[Opening Input records section]
(* A nonzero [C j k] off the top set would make [s k] smaller than every top
   eigenvalue; then all top diagonal entries of [Q] are [1], exhausting the trace. *)
Let coord_bottom j k : j \notin top -> C j k = 0.
Proof.
move=> j_bot; apply/eqP; apply: contraT => Cjk.
have top1 : \sum_(i in top) Q i i = r%:R.
  rewrite -card_top -sumr_const; apply: eq_bigr => i i_top.
  by apply: (@proj_diag_eq1 i k); rewrite (coord_eigenvalue Cjk); apply: lam_gap.
have bot0 : \sum_(i | i \notin top) Q i i = 0.
  by move: proj_trace_split; rewrite top1; lra.
have /eqP : Q j j = 0.
  apply: (psumr_eq0P _ bot0) => // i _.
  by case/andP: (sym_idem_diag_bound proj_sym proj_idem i).
rewrite proj_diagE psumr_eq0 => [/allP/(_ k (mem_index_enum k))|l _]; last exact: sqr_ge0.
by rewrite sqrf_eq0 (negbTE Cjk).
Qed.

Let proj_top i : i \in top -> Q i i = 1.
Proof.
have bot0 : \sum_(i | i \notin top) Q i i = 0.
  apply: big1 => j j_bot; rewrite proj_diagE big1 // => k _.
  by rewrite coord_bottom // expr0n.
have /psumr_eq0P top0 : \sum_(i in top) (1 - Q i i) = 0.
  by rewrite sumrB sumr_const card_top; move: proj_trace_split; rewrite bot0; lra.
move=> i_top; apply/eqP; rewrite eq_sym -subr_eq0; apply/eqP/top0 => // j _.
by rewrite subr_ge0; case/andP: (sym_idem_diag_bound proj_sym proj_idem j).
Qed.

Let projE : Q = diag_mx (\row_j (j \in top)%:R).
Proof.
apply/matrixP => i l; rewrite [RHS]mxE [_ 0 i]mxE.
case: (boolP (i \in top)) => [i_top|i_bot]; last first.
  by rewrite mxE big1 ?mul0rn // => k _; rewrite coord_bottom // mul0r.
case: eqVneq => [<-|li]; first by rewrite proj_top.
by rewrite mulr0n (sym_idem_row_eq0 proj_sym proj_idem (proj_top i_top)) // eq_sym.
Qed.

Lemma gram_top_eigen :
  V *m diag_mx s *m V^T = U *m diag_mx (\row_j if j \in top then lam 0 j else 0) *m U^T.
Proof.
rewrite V_coord trmx_mul -!mulmxA; congr (U *m _); rewrite !mulmxA -coord_eig.
rewrite -(mulmxA _ C) -/Q projE; congr (_ *m _); apply/matrixP => i l.
by rewrite mul_diag_mx !mxE; case: eqVneq => [->|]; case: (l \in top); rewrite ?mulr1 ?mulr0.
Qed.

Lemma top_eigenvalue k : exists2 j, j \in top & s 0 k = lam 0 j.
Proof.
have [j /=] : exists j, true && (0 < C j k ^+ 2).
  apply: psumr_neq0P => [j _|]; first exact: sqr_ge0.
  rewrite (eq_bigr (fun j => C^T k j * C j k)) => [|j _]; last first.
    by rewrite [C^T _ _]mxE expr2.
  move/matrixP: coord_orth => /(_ k k); rewrite !mxE eqxx mulr1n => ->.
  exact/eqP/oner_neq0.
rewrite lt_def sqrf_eq0 => /andP[Cjk _]; exists j; last exact: coord_eigenvalue.
by apply: contraTT Cjk => j_bot; rewrite coord_bottom ?eqxx.
Qed.

End TopEigenspace.

Definition mx_of_rows (R : nzRingType) n (rows : seq (seq R)) : 'M[R]_n :=
  \matrix_(i, j) nth 0 (nth [::] rows i) j.

Definition U_lab (R : fieldType) (r w : R) : 'M[R]_5 := mx_of_rows 5
  [:: [:: 0; r / w;  1 / w;  r / w;  1 / w];
      [:: 0; r / w;  1 / w; -r / w; -1 / w];
      [:: 0; 1 / w; -r / w;  1 / w; -r / w];
      [:: 0; 1 / w; -r / w; -1 / w;  r / w];
      [:: 1; 0; 0; 0; 0]].

Definition lam_lab (R : fieldType) (a b : R) : 'rV[R]_5 :=
  \row_j [:: 1; 1; 1 - 9 / 2 * a; 1 - 4 * b; 1 - 4 * b - 9 / 2 * a]`_j.

Definition U_ssl (R : fieldType) : 'M[R]_5 := mx_of_rows 5
  [:: [:: 0; 1 / 2;  1 / 2;  1 / 2;  1 / 2];
      [:: 0; 1 / 2;  1 / 2; -1 / 2; -1 / 2];
      [:: 0; 1 / 2; -1 / 2;  1 / 2; -1 / 2];
      [:: 0; 1 / 2; -1 / 2; -1 / 2;  1 / 2];
      [:: 1; 0; 0; 0; 0]].

Definition lam_ssl (R : fieldType) (a b : R) : 'rV[R]_5 :=
  \row_j [:: 1; 1; 1 - 4 * a; 1 - 4 * b; 1 - 4 * b - 4 * a]`_j.

(* In both models index [4] carries the smallest eigenvalue and [k] the
   fourth largest one. *)
Definition top_but (k : nat) : {pred 'I_5} := [pred j : 'I_5 | (j : nat) \notin [:: k; 4%N]].

Lemma card_top_but k : (k < 4)%N -> #|top_but k| = 3%N.
Proof.
by case: k => [|[|[|[|]]]] // _; rewrite -sum1_card big_mkcond !big_ord_recr big_ord0.
Qed.

Lemma U_lab_orth (R : fieldType) (r w : R) : r ^+ 2 = 2 -> w ^+ 2 = 6 -> w != 0 ->
  (U_lab r w)^T *m U_lab r w = 1%:M.
Proof.
move=> r2 w2 w0; apply/matrixP => i j; rewrite !mxE !big_ord_recr big_ord0 /=.
by case: i => [[|[|[|[|[|i]]]]] hi] //; case: j => [[|[|[|[|[|j]]]]] hj] //;
  rewrite !mxE /=; field: r2 w2; rewrite ?w0.
Qed.
(* Let $\mathbb{F}$ be a field, $n\ge1$, and $d=pq$ with integers $p,q\ge1$. For every $n^{d}\times n^{d}$ matrix $M$, $\mathrm{PT\text{-}rank}_{[n]^{pq}}(M)\le\mathrm{PT\text{-}rank}_{[n^p]^q}(M)$.
   Context: $\mathrm{PT\text{-}rank}_{[n]^{pq}}(M)$ is the PT-rank of $M$ viewed as an $n^{pq}\times n^{pq}$ matrix with rows/columns indexed by $[n]^{pq}$; $\mathrm{PT\text{-}rank}_{[n^p]^q}(M)$ is the PT-rank of the same matrix viewed as an $(n^p)^q\times(n^p)^q$ matrix, where each of the $q$ coordinates in $[n^p]$ encodes a consecutive block of $p$ coordinates in $[n]$ (coordinates $(l-1)p+1,\dots,lp$ for the $l$-th). For a matrix indexed by $[N]^m$: $M^{\top_k}$ ($k\in[m]$) swaps the $k$-th row index with the $k$-th column index, $M^{\top_\kappa}$ composes these over $k\in\kappa\subseteq[m]$, $M$ is PT-basic if $\mathrm{rank}(M^{\top_\kappa})=1$ for some $\kappa$, and the PT-rank is the least number of PT-basic matrices summing to $M$. *)

From HB Require Import structures.
From mathcomp Require Import all_boot all_order all_algebra.
From Stdlib Require Import ClassicalEpsilon.
Set Implicit Arguments. Unset Strict Implicit. Unset Printing Implicit Defensive.
Import GRing.Theory.
Local Open Scope ring_scope.

Section PT.
Variables (F : fieldType) (K : finType) (m : nat).

(* Multi-indices in K^m; K plays the role of [N]. *)
Definition midx := {ffun 'I_m -> K}.
Definition ptmx := {ffun midx * midx -> F}.

Definition ptmx_rank (M : ptmx) : nat :=
  \rank (\matrix_(a < #|{: midx}|, b < #|{: midx}|) M (enum_val a, enum_val b)).

(* Swap the k-th row index with the k-th column index for all k in kappa;
   this is the composition of the partial transposes M^{T_k}, k in kappa
   (these commute). *)
Definition ptswap (kappa : {set 'I_m}) (rc : midx * midx) : midx * midx :=
  ([ffun i => if i \in kappa then rc.2 i else rc.1 i],
   [ffun i => if i \in kappa then rc.1 i else rc.2 i]).

Definition ptrans (kappa : {set 'I_m}) (M : ptmx) : ptmx :=
  [ffun rc => M (ptswap kappa rc)].

Definition pt_basic (M : ptmx) : Prop :=
  exists kappa : {set 'I_m}, ptmx_rank (ptrans kappa M) = 1%N.

Definition pt_decomp (M : ptmx) (r : nat) : Prop :=
  exists s : seq ptmx,
    [/\ size s = r, (forall A, A \in s -> pt_basic A) & \sum_(A <- s) A = M].

Definition pt_decompb (M : ptmx) (r : nat) : bool :=
  if excluded_middle_informative (pt_decomp M r) then true else false.

Lemma pt_decompbP M r : reflect (pt_decomp M r) (pt_decompb M r).
Proof.
rewrite /pt_decompb; case: excluded_middle_informative => H; constructor => //.
Qed.

Lemma ptrans_set0 (A : ptmx) : ptrans set0 A = A.
Proof.
apply/ffunP => -[r c]; rewrite ffunE /ptswap /=.
congr (A (_, _)); apply/ffunP => i; by rewrite ffunE inE.
Qed.

Lemma pt_basic_elem (ab : midx * midx) (x : F) : x != 0 ->
  pt_basic [ffun rc => if rc == ab then x else 0].
Proof.
move=> nx; exists set0; rewrite ptrans_set0 /ptmx_rank.
have -> : \matrix_(a < #|{: midx}|, b < #|{: midx}|)
            [ffun rc => if rc == ab then x else 0] (enum_val a, enum_val b)
          = x *: delta_mx (enum_rank ab.1) (enum_rank ab.2).
  apply/matrixP => a b; rewrite !mxE ffunE.
  case: ab => a0 b0 /=; rewrite xpair_eqE.
  have E (i : 'I_#|{: midx}|) y : (enum_val i == y) = (i == enum_rank y).
    by apply/eqP/eqP => [<-|->]; rewrite ?enum_valK ?enum_rankK.
  rewrite !E.
  by case: (a == _); case: (b == _); rewrite /= ?mulr1 ?mulr0.
by rewrite mxrank_scale_nz // mxrank_delta.
Qed.

Lemma pt_decomp_exists (M : ptmx) : exists r, pt_decompb M r.
Proof.
pose s := [seq [ffun rc => if rc == ab then M ab else 0]
          | ab <- enum [pred ab | M ab != 0]].
exists (size s); apply/pt_decompbP; exists s; split => //.
  move=> A /mapP [ab]; rewrite mem_enum inE => nz ->.
  exact: pt_basic_elem.
apply/ffunP => rc; rewrite sum_ffunE big_map big_enum_cond /=.
under eq_bigr do rewrite ffunE.
case: (boolP (M rc != 0)) => nz.
  rewrite (bigD1 rc) /=; last by rewrite inE nz.
  rewrite eqxx big1 ?addr0 // => ab /andP [_ /negbTE].
  by rewrite eq_sym => ->.
rewrite big1; first by move: nz; rewrite negbK => /eqP.
by move=> ab nab; case: eqP => // <-; move: nz; rewrite negbK => /eqP.
Qed.

Definition ptrank (M : ptmx) : nat := ex_minn (pt_decomp_exists M).

End PT.

(* Blocking coordinates of [n]^(p*q) into q blocks of p consecutive
   coordinates: the l-th block (0-based) consists of coordinates
   l*p, ..., l*p + p - 1. *)
Lemma blk_div_lt (p q : nat) (i : 'I_(p * q)) : (i %/ p < q)%N.
Proof.
case: p i => [|p] i; first by case: i.
case: i => i /= Hi; by rewrite ltn_divLR // mulnC.
Qed.

Lemma blk_mod_lt (p q : nat) (i : 'I_(p * q)) : (i %% p < p)%N.
Proof.
case: p i => [|p] i; first by case: i.
by case: i => i /=; rewrite ltn_mod.
Qed.

Definition flatten_idx (n p q : nat) (y : {ffun 'I_q -> {ffun 'I_p -> 'I_n}})
  : {ffun 'I_(p * q) -> 'I_n} :=
  [ffun i : 'I_(p * q) => y (Ordinal (blk_div_lt i)) (Ordinal (blk_mod_lt i))].

(* The same matrix M (flat indexing) viewed with index set ([n]^p)^q. *)
Definition blocked_mx (F : fieldType) (n p q : nat)
  (M : ptmx F 'I_n (p * q)) : ptmx F {ffun 'I_p -> 'I_n} q :=
  [ffun rc => M (flatten_idx rc.1, flatten_idx rc.2)].

(* Cutting [n]^(pq) into q consecutive blocks of p coordinates identifies the
   multi-indices of [n]^(pq) with those of [n^p]^q.  Reindexing along this
   bijection preserves the rank of a matrix, and the partial transpose over a
   set kappa of blocks becomes the partial transpose over the union of the
   blocks in kappa.  Hence every PT-basic matrix for [n^p]^q is PT-basic for
   [n]^(pq), and a PT-decomposition of the blocked matrix is one of M. *)

From mathcomp Require Import all_boot all_order all_algebra.
Set Implicit Arguments. Unset Strict Implicit. Unset Printing Implicit Defensive.
Import GRing.Theory.
Local Open Scope ring_scope.

Lemma mxrank_mxsub (F : fieldType) m1 n1 m2 n2
    (f : 'I_m2 -> 'I_m1) (g : 'I_n2 -> 'I_n1) (A : 'M[F]_(m1, n1)) :
  (\rank (mxsub f g A) <= \rank A)%N.
Proof.
have -> : mxsub f g A = rowsub f 1%:M *m A *m colsub g 1%:M.
  by rewrite -mulmxA mulmx_colsub mulmx1 -mxsub_mul mul1mx.
exact: leq_trans (mxrankM_maxl _ _) (mxrankM_maxr _ _).
Qed.

Section PTRank.
Variables (F : fieldType) (K : finType) (m : nat).
Implicit Types M : ptmx F K m.

Lemma ptrank_decomp M : pt_decomp M (ptrank M).
Proof. by rewrite /ptrank; case: ex_minnP => r /pt_decompbP. Qed.

Lemma ptrank_min M r : pt_decomp M r -> (ptrank M <= r)%N.
Proof. by move/pt_decompbP; rewrite /ptrank; case: ex_minnP => r' _; apply. Qed.

End PTRank.

Definition ptmx_reindex (F : fieldType) (K K' : finType) (m m' : nat)
    (f : midx K' m' -> midx K m) (M : ptmx F K m) : ptmx F K' m' :=
  [ffun rc => M (f rc.1, f rc.2)].

Section Reindex.
Variables (F : fieldType) (K K' : finType) (m m' : nat).
Variables (f : midx K' m' -> midx K m) (g : midx K m -> midx K' m').

Lemma ptmx_reindexK :
  cancel g f -> cancel (@ptmx_reindex F _ _ _ _ f) (ptmx_reindex g).
Proof. by move=> gK M; apply/ffunP => -[r c]; rewrite !ffunE /= !gK. Qed.

Lemma ptmx_reindex0 : ptmx_reindex f (0 : ptmx F K m) = 0.
Proof. by apply/ffunP => rc; rewrite !ffunE. Qed.

Lemma ptmx_reindexD : {morph @ptmx_reindex F _ _ _ _ f : A B / A + B}.
Proof. by move=> A B; apply/ffunP => rc; rewrite !ffunE. Qed.

Lemma ptmx_rank_reindex_le (M : ptmx F K m) :
  (ptmx_rank (ptmx_reindex f M) <= ptmx_rank M)%N.
Proof.
pose h (a : 'I_#|{: midx K' m'}|) : 'I_#|{: midx K m}| :=
  enum_rank (f (enum_val a)).
rewrite /ptmx_rank; set A := (X in (_ <= \rank X)%N).
have -> : \matrix_(a, b) ptmx_reindex f M (enum_val a, enum_val b) = mxsub h h A.
  by apply/matrixP => a b; rewrite !mxE ffunE /h !enum_rankK.
exact: mxrank_mxsub.
Qed.

End Reindex.

Lemma ptmx_rank_reindex (F : fieldType) (K K' : finType) (m m' : nat)
    (f : midx K' m' -> midx K m) (g : midx K m -> midx K' m') (M : ptmx F K m) :
  cancel g f -> ptmx_rank (ptmx_reindex f M) = ptmx_rank M.
Proof.
move=> gK; apply/eqP; rewrite eqn_leq ptmx_rank_reindex_le /=.
by rewrite -{1}(ptmx_reindexK gK M) ptmx_rank_reindex_le.
Qed.

Lemma ptrank_le_map (F : fieldType) (K K' : finType) (m m' : nat)
    (phi : ptmx F K m -> ptmx F K' m') :
    (forall A, pt_basic A -> pt_basic (phi A)) ->
    phi 0 = 0 -> {morph phi : A B / A + B} ->
  forall M, (ptrank (phi M) <= ptrank M)%N.
Proof.
move=> phi_basic phi0 phiD M; have [s [size_s basic_s sum_s]] := ptrank_decomp M.
apply: ptrank_min; exists (map phi s); split; first by rewrite size_map.
  by move=> _ /mapP [A As ->]; apply/phi_basic/basic_s.
by rewrite big_map -sum_s (big_morph phi phiD phi0).
Qed.

Section Blocks.
Variables (F : fieldType) (n p q : nat).
Hypothesis p_gt0 : (0 < p)%N.

Lemma blk_idx_lt (l : 'I_q) (j : 'I_p) : (l * p + j < p * q)%N.
Proof.
apply: (@leq_trans (l * p + p)); first by rewrite ltn_add2l.
by rewrite -mulSnr mulnC leq_mul2l ltn_ord orbT.
Qed.

Definition blk_idx (l : 'I_q) (j : 'I_p) : 'I_(p * q) := Ordinal (blk_idx_lt l j).

Lemma blk_idx_div l j : Ordinal (blk_div_lt (blk_idx l j)) = l.
Proof. by apply: val_inj; rewrite /= divnMDl // divn_small ?addn0. Qed.

Lemma blk_idx_mod l j : Ordinal (blk_mod_lt (blk_idx l j)) = j.
Proof. by apply: val_inj; rewrite /= modnMDl modn_small. Qed.

Definition unflatten_idx (x : {ffun 'I_(p * q) -> 'I_n}) :
    {ffun 'I_q -> {ffun 'I_p -> 'I_n}} :=
  [ffun l => [ffun j => x (blk_idx l j)]].

Lemma flatten_idxK : cancel (@flatten_idx n p q) unflatten_idx.
Proof.
move=> y; apply/ffunP => l; apply/ffunP => j.
by rewrite !ffunE blk_idx_div blk_idx_mod.
Qed.

Lemma unflatten_idxK : cancel unflatten_idx (@flatten_idx n p q).
Proof.
move=> x; apply/ffunP => i; rewrite !ffunE; congr (x _).
by apply: val_inj; rewrite /= -divn_eq.
Qed.

Definition blk_set (kappa : {set 'I_q}) : {set 'I_(p * q)} :=
  [set i : 'I_(p * q) | Ordinal (blk_div_lt i) \in kappa].

Lemma ptrans_unblock kappa (B : ptmx F {ffun 'I_p -> 'I_n} q) :
  ptrans (blk_set kappa) (ptmx_reindex unflatten_idx B)
  = ptmx_reindex unflatten_idx (ptrans kappa B).
Proof.
apply/ffunP => -[r c]; rewrite !ffunE /ptswap /=.
by congr (B (_, _)); apply/ffunP => l; apply/ffunP => j;
  rewrite !ffunE inE blk_idx_div; case: (l \in kappa); rewrite ffunE.
Qed.

Lemma pt_basic_unblock (B : ptmx F {ffun 'I_p -> 'I_n} q) :
  pt_basic B -> pt_basic (ptmx_reindex unflatten_idx B).
Proof.
case=> kappa rank1; exists (blk_set kappa).
by rewrite ptrans_unblock (ptmx_rank_reindex _ flatten_idxK).
Qed.

Lemma blocked_mxK (M : ptmx F 'I_n (p * q)) :
  ptmx_reindex unflatten_idx (blocked_mx M) = M.
Proof. exact: ptmx_reindexK unflatten_idxK M. Qed.

End Blocks.

Theorem lemma3p11 (F : fieldType) (n p q : nat)
  (hn : (1 <= n)%N) (hp : (1 <= p)%N) (hq : (1 <= q)%N)
  (M : ptmx F 'I_n (p * q)) :
  (ptrank M <= ptrank (blocked_mx M))%N.
Proof.
rewrite -{1}(blocked_mxK M).
exact: ptrank_le_map (pt_basic_unblock hp) (ptmx_reindex0 F _)
  (ptmx_reindexD _) _.
Qed.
[Closing Input records section]
▶ Requirement:
Going through the data above, please tally the lines that contain the string "forall" and return only the total.

▶ Your solution:
3